(* Let $\ell\in\mathbb N$ and let $\Gamma_2$ be a finite alphabet disjoint from $\Gamma_1=\{0,1,\mathsf{inc},\mathsf{dec}\}$. There is a pushdown automaton $A$ over $\Gamma_1\cup\Gamma_2$ with 3 states and a stack alphabet of two symbols such that the projection of $L(A)\cap L'_\ell$ onto the alphabet $\Gamma_2$ (erasing all letters of $\Gamma_1$) is exactly $(\Gamma_2)^{2^{2^\ell}}$.
   Context: A pushdown automaton has transitions labelled by a letter or $\epsilon$ and a stack operation (push a symbol, pop a symbol, or no operation); it accepts a word if there is a run from the initial state with empty stack reading the word and ending in a final state with empty stack. For a word $b_1\cdots b_\ell\in\{0,1\}^\ell$ let $\mathsf{val}(b_1\cdots b_\ell)=\sum_i b_i 2^{\ell-i}$. Interpret $\mathsf{inc}(n)=n+1$, $\mathsf{dec}(n)=n-1$ and $a(n)=n$ for $a\in\Gamma_2$. $L'_\ell$ is the set of words $n_0o_1n_1\cdots o_kn_k$ with $k\ge 0$, each $n_i\in\{0,1\}^\ell$, each $o_i\in\{\mathsf{inc},\mathsf{dec}\}\cup\Gamma_2$, such that $\mathsf{val}(n_i)=o_i(\mathsf{val}(n_{i-1}))$ for all $0<i\le k$, $n_0=0^\ell=n_k$, if $o_i=\mathsf{inc}$ then $n_{i-1}\ne 1^\ell$, and if $o_i=\mathsf{dec}$ then $n_{i-1}\ne 0^\ell$. *)

From mathcomp Require Import all_boot.
Set Implicit Arguments. Unset Strict Implicit. Unset Printing Implicit Defensive.

Inductive G1 := B0 | B1 | Inc | Dec.

Definition letter (G2 : Type) := (G1 + G2)%type.

Inductive stack_op (S : Type) := Push of S | Pop of S | Nop.

Record pda (Q S A : Type) := Pda {
  init : Q;
  final : Q -> bool;
  (* trans q lab op q' : transition from q to q' labelled by letter/epsilon
     (lab = None means epsilon) with stack operation op *)
  trans : Q -> option A -> stack_op S -> Q -> bool
}.

Definition apply_op (S : eqType) (o : stack_op S) (st : seq S) : option (seq S) :=
  match o with
  | Push s => Some (s :: st)
  | Pop s => if st is s' :: t then (if s' == s then Some t else None) else None
  | Nop => Some st
  end.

****

Everything from the line containing "None) else None" to the last line of the material above must be copied exactly, and only that.

ANSWER TO THE PROBLEM:
  | Pop s => if st is s' :: t then (if s' == s then Some t else None) else None
  | Nop => Some st
  end.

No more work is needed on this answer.